Range to output from the entries below: the line containing "Record Config : Type" through the line containing "Definition bcast (c". Set it down exactly, ends included, nothing else.

Extracted material Start Marker

(* Let $t \geq 1$, $W \geq 2$ and $R \geq 2$. Then there is no fast write (W1R2) implementation of a multi-writer multi-reader atomic register in the message-passing client–server model described in the context, i.e., no wait-free implementation tolerating the crash of up to $t$ of the $S$ servers in which every write operation completes after one round-trip of communication and every read operation completes after (at most) two round-trips of communication.
   Context: System model: there are three disjoint sets of processes: a set of $S \geq 2$ servers $\{s_1,\dots,s_S\}$, a set of $R$ readers $\{r_1,\dots,r_R\}$ and a set of $W$ writers $\{w_1,\dots,w_W\}$ (readers and writers are called clients). Clients and servers communicate by asynchronous message passing over bidirectional reliable channels; there is no communication between servers and no communication between clients. In any execution, any number of clients and up to $t$ of the $S$ servers may crash. An implementation is wait-free: every invoked read or write operation of a non-crashed client eventually returns regardless of the status of other clients. Only writers invoke $write(v)$ and only readers invoke $read()$, which returns a value. A round-trip of communication is one phase in which the client sends a message to all servers (to query or update them) and waits for replies; since up to $t$ servers may crash, a client can only wait for replies from $S-t$ servers. A W1R2 implementation is one in which every write uses exactly one round-trip and every read uses two round-trips. Atomicity: an execution is a sequence of invocation and response events with distinct global timestamps; $O_1 \prec_\sigma O_2$ if the response of $O_1$ occurs before the invocation of $O_2$. An execution is well-formed if each client's subsequence is sequential (each invocation immediately followed by its matching response). The register is atomic if for every well-formed execution $\sigma$ there is a sequential permutation $\pi$ of all its operations such that (i) if $O_1 \prec_\sigma O_2$ then $O_1$ appears before $O_2$ in $\pi$, and (ii) each read returns the value written by the latest preceding write in $\pi$. *)

From mathcomp Require Import all_boot.
Set Implicit Arguments. Unset Strict Implicit. Unset Printing Implicit Defensive.

Section Model.
Variables (S R W : nat) (V : Type).

Definition client : Type := ('I_W + 'I_R)%type.

(* A write(v) is one round-trip: send w_send to every server, wait for
   replies from S-t servers, then compute the new local state (w_end).
   A read is one or two round-trips: send r_send1, wait for S-t replies,
   r_end1 either returns a value (Some v) or goes on with a second
   round-trip (r_send2 / r_end2) and then returns. *)
Record Impl : Type := {
  SState : Type; WState : Type; RState : Type; Msg : Type; Reply : Type;
  s_init : 'I_S -> SState;
  s_recv : 'I_S -> SState -> client -> Msg -> SState * Reply;
  w_init : 'I_W -> WState;
  w_send : 'I_W -> WState -> V -> 'I_S -> Msg;
  w_end  : 'I_W -> WState -> V -> ('I_S -> option Reply) -> WState;
  r_init : 'I_R -> RState;
  r_send1 : 'I_R -> RState -> 'I_S -> Msg;
  r_end1  : 'I_R -> RState -> ('I_S -> option Reply) -> RState * option V;
  r_send2 : 'I_R -> RState -> 'I_S -> Msg;
  r_end2  : 'I_R -> RState -> ('I_S -> option Reply) -> RState * V }.
Arguments s_init : clear implicits.  Arguments s_recv : clear implicits.
Arguments w_init : clear implicits.  Arguments w_send : clear implicits.
Arguments w_end : clear implicits.   Arguments r_init : clear implicits.
Arguments r_send1 : clear implicits. Arguments r_end1 : clear implicits.
Arguments r_send2 : clear implicits. Arguments r_end2 : clear implicits.

Inductive Event : Type :=
  | InvW of 'I_W & V | RespW of 'I_W | InvR of 'I_R | RespR of 'I_R & V.

Definition evt (h : seq Event) (i : nat) : option Event := nth None (map Some h) i.

Definition oclient (e : option Event) : option client :=
  match e with
  | Some (InvW w _) | Some (RespW w) => Some (inl w)
  | Some (InvR r) | Some (RespR r _) => Some (inr r)
  | None => None
  end.

Definition is_inv (e : option Event) : bool :=
  match e with Some (InvW _ _) | Some (InvR _) => true | _ => false end.
Definition is_resp (e : option Event) : bool :=
  match e with Some (RespW _) | Some (RespR _ _) => true | _ => false end.
Definition is_read (e : option Event) : bool :=
  match e with Some (InvR _) => true | _ => false end.

Definition resp (h : seq Event) (i j : nat) : Prop :=
  [/\ i < j, is_inv (evt h i), is_resp (evt h j),
      oclient (evt h j) = oclient (evt h i) &
      forall k, i < k < j -> oclient (evt h k) <> oclient (evt h i)].

Definition precedes (h : seq Event) (i j : nat) : Prop :=
  exists k, resp h i k /\ k < j.

Definition last_write (v0 : V) (h : seq Event) (l : seq nat) : V :=
  foldl (fun acc k => if evt h k is Some (InvW _ v) then v else acc) v0 l.

(* Operations are identified by the index of their invocation event.
   pi is the linearization: it contains every complete operation and
   possibly some pending writes (pending reads have no effect). *)
Definition atomic (v0 : V) (h : seq Event) : Prop :=
  exists pi : seq nat,
  [/\ uniq pi,
      (forall i, i \in pi -> is_inv (evt h i)),
      (forall i j, resp h i j -> i \in pi),
      (forall i, i \in pi -> is_read (evt h i) -> exists j, resp h i j) &
      (forall i j, i \in pi -> j \in pi -> precedes h i j ->
                   index i pi < index j pi)] /\
      (forall i j r v, i \in pi -> resp h i j -> evt h j = Some (RespR r v) ->
                   v = last_write v0 h (take (index i pi) pi)).

Section Exec.
Variables (t : nat) (I : Impl).

Definition replies : Type := 'I_S -> option (Reply I).

Inductive WMode : Type := WIdle | WBusy of V & nat & replies.
Inductive RMode : Type := RIdle | RPh1 of nat & replies | RPh2 of nat & replies.

Definition upd (A : eqType) (B : Type) (f : A -> B) (a : A) (b : B) : A -> B :=
  fun x => if x == a then b else f x.

Definition nrep (rep : replies) : nat := #|[pred s : 'I_S | isSome (rep s)]|.

Definition quorum (rep : replies) : bool := S - t <= nrep rep.

Definition no_rep : replies := fun _ => None.

Definition addrep (rep : replies) (s : 'I_S) (x : Reply I) : replies :=
  if rep s is None then
    (if nrep rep < S - t then upd rep s (Some x) else rep)
  else rep.

Definition wdeliver (m : WMode) (k : nat) (s : 'I_S) (x : Reply I) : WMode :=
  match m with
  | WBusy v k' rep => if k' == k then WBusy v k' (addrep rep s x) else m
  | _ => m end.
Definition rdeliver (m : RMode) (k : nat) (s : 'I_S) (x : Reply I) : RMode :=
  match m with
  | RPh1 k' rep => if k' == k then RPh1 k' (addrep rep s x) else m
  | RPh2 k' rep => if k' == k then RPh2 k' (addrep rep s x) else m
  | _ => m end.

(* Global configuration: server states, client local states and modes,
   messages in transit (tagged with the round identifier), a counter
   giving fresh round identifiers, and the history of register events. *)
Record Config : Type := mkConfig {
  c_srv : 'I_S -> SState I;
  c_wst : 'I_W -> WState I; c_wmode : 'I_W -> WMode;
  c_rst : 'I_R -> RState I; c_rmode : 'I_R -> RMode;
  c_req : seq ('I_S * client * nat * Msg I);
  c_rep : seq (client * 'I_S * nat * Reply I);
  c_tick : nat;
  c_hist : seq Event }.

Definition init_config : Config :=
  mkConfig (s_init I) (w_init I) (fun _ => WIdle) (r_init I) (fun _ => RIdle)
           [::] [::] 0 [::].

Definition bcast (c : client) (k : nat) (f : 'I_S -> Msg I)
  : seq ('I_S * client * nat * Msg I) :=
  [seq (s, c, k, f s) | s <- enum 'I_S].

Inductive step : Config -> Config -> Prop :=
  | st_inv_write C w v :
      c_wmode C w = WIdle ->
      step C (mkConfig (c_srv C) (c_wst C)
                (upd (c_wmode C) w (WBusy v (c_tick C) no_rep))
                (c_rst C) (c_rmode C)
                (c_req C ++ bcast (inl w) (c_tick C) (w_send I w (c_wst C w) v))
                (c_rep C) (c_tick C).+1 (rcons (c_hist C) (InvW w v)))
  | st_end_write C w v k rep :
      c_wmode C w = WBusy v k rep -> quorum rep ->
      step C (mkConfig (c_srv C) (upd (c_wst C) w (w_end I w (c_wst C w) v rep))
                (upd (c_wmode C) w WIdle)
                (c_rst C) (c_rmode C) (c_req C) (c_rep C) (c_tick C)
                (rcons (c_hist C) (RespW w)))
  | st_inv_read C r :
      c_rmode C r = RIdle ->
      step C (mkConfig (c_srv C) (c_wst C) (c_wmode C)
                (c_rst C) (upd (c_rmode C) r (RPh1 (c_tick C) no_rep))
                (c_req C ++ bcast (inr r) (c_tick C) (r_send1 I r (c_rst C r)))
                (c_rep C) (c_tick C).+1 (rcons (c_hist C) (InvR r)))
  | st_end_read1_ret C r k rep st v :
      c_rmode C r = RPh1 k rep -> quorum rep ->
      r_end1 I r (c_rst C r) rep = (st, Some v) ->
      step C (mkConfig (c_srv C) (c_wst C) (c_wmode C)
                (upd (c_rst C) r st) (upd (c_rmode C) r RIdle)
                (c_req C) (c_rep C) (c_tick C) (rcons (c_hist C) (RespR r v)))
  | st_end_read1_cont C r k rep st :
      c_rmode C r = RPh1 k rep -> quorum rep ->
      r_end1 I r (c_rst C r) rep = (st, None) ->
      step C (mkConfig (c_srv C) (c_wst C) (c_wmode C)
                (upd (c_rst C) r st) (upd (c_rmode C) r (RPh2 (c_tick C) no_rep))
                (c_req C ++ bcast (inr r) (c_tick C) (r_send2 I r st))
                (c_rep C) (c_tick C).+1 (c_hist C))
  | st_end_read2 C r k rep st v :
      c_rmode C r = RPh2 k rep -> quorum rep ->
      r_end2 I r (c_rst C r) rep = (st, v) ->
      step C (mkConfig (c_srv C) (c_wst C) (c_wmode C)
                (upd (c_rst C) r st) (upd (c_rmode C) r RIdle)
                (c_req C) (c_rep C) (c_tick C) (rcons (c_hist C) (RespR r v)))
  | st_server C l1 l2 s c k m st x :
      c_req C = l1 ++ (s, c, k, m) :: l2 ->
      s_recv I s (c_srv C s) c m = (st, x) ->
      step C (mkConfig (upd (c_srv C) s st) (c_wst C) (c_wmode C)
                (c_rst C) (c_rmode C) (l1 ++ l2)
                (c_rep C ++ [:: (c, s, k, x)]) (c_tick C) (c_hist C))
  | st_client_w C l1 l2 w s k x :
      c_rep C = l1 ++ (inl w, s, k, x) :: l2 ->
      step C (mkConfig (c_srv C) (c_wst C)
                (upd (c_wmode C) w (wdeliver (c_wmode C w) k s x))
                (c_rst C) (c_rmode C) (c_req C) (l1 ++ l2) (c_tick C) (c_hist C))
  | st_client_r C l1 l2 r s k x :
      c_rep C = l1 ++ (inr r, s, k, x) :: l2 ->
      step C (mkConfig (c_srv C) (c_wst C) (c_wmode C)
                (c_rst C) (upd (c_rmode C) r (rdeliver (c_rmode C r) k s x))
                (c_req C) (l1 ++ l2) (c_tick C) (c_hist C)).

Inductive reachable : Config -> Prop :=
  | reach0 : reachable init_config
  | reachS C C' : reachable C -> step C C' -> reachable C'.

Definition atomic_impl (v0 : V) : Prop :=
  forall C, reachable C -> atomic v0 (c_hist C).

End Exec.
End Model.

(* Let the writers w1 and w2 write v1 and v2 concurrently.  A write is a single
   round-trip, so the state of a server afterwards only depends on which of the two
   requests it served first; say the servers in B serve w2 first.  Two readers r1 and r2
   then read, and U(B) is the value returned by r1 when it collects the replies of both
   of its round-trips from a quorum avoiding some server x.  Both writes complete before
   the reads start, so atomicity forces r1 and r2 to agree in every such execution;
   playing with the quorums of r1 and with the order in which the second round-trips of
   r1 and r2 reach each server, this shows that U(B) does not depend on x.  As r1 never
   hears from x, U(B) = U(B + x), and adding the servers one at a time gives
   U(empty) = U(all).  But for B empty (resp. full) the servers are in the same state as
   after w1 writes before w2 (resp. w2 before w1), so U(empty) = v2 and U(all) = v1. *)

From mathcomp Require Import all_boot.
From Stdlib Require Import FunctionalExtensionality.
Set Implicit Arguments. Unset Strict Implicit. Unset Printing Implicit Defensive.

Extracted material End Marker

◆ Written solution ◆
Record Config : Type := mkConfig {
  c_srv : 'I_S -> SState I;
  c_wst : 'I_W -> WState I; c_wmode : 'I_W -> WMode;
  c_rst : 'I_R -> RState I; c_rmode : 'I_R -> RMode;
  c_req : seq ('I_S * client * nat * Msg I);
  c_rep : seq (client * 'I_S * nat * Reply I);
  c_tick : nat;
  c_hist : seq Event }.

Definition init_config : Config :=
  mkConfig (s_init I) (w_init I) (fun _ => WIdle) (r_init I) (fun _ => RIdle)
           [::] [::] 0 [::].

Definition bcast (c : client) (k : nat) (f : 'I_S -> Msg I)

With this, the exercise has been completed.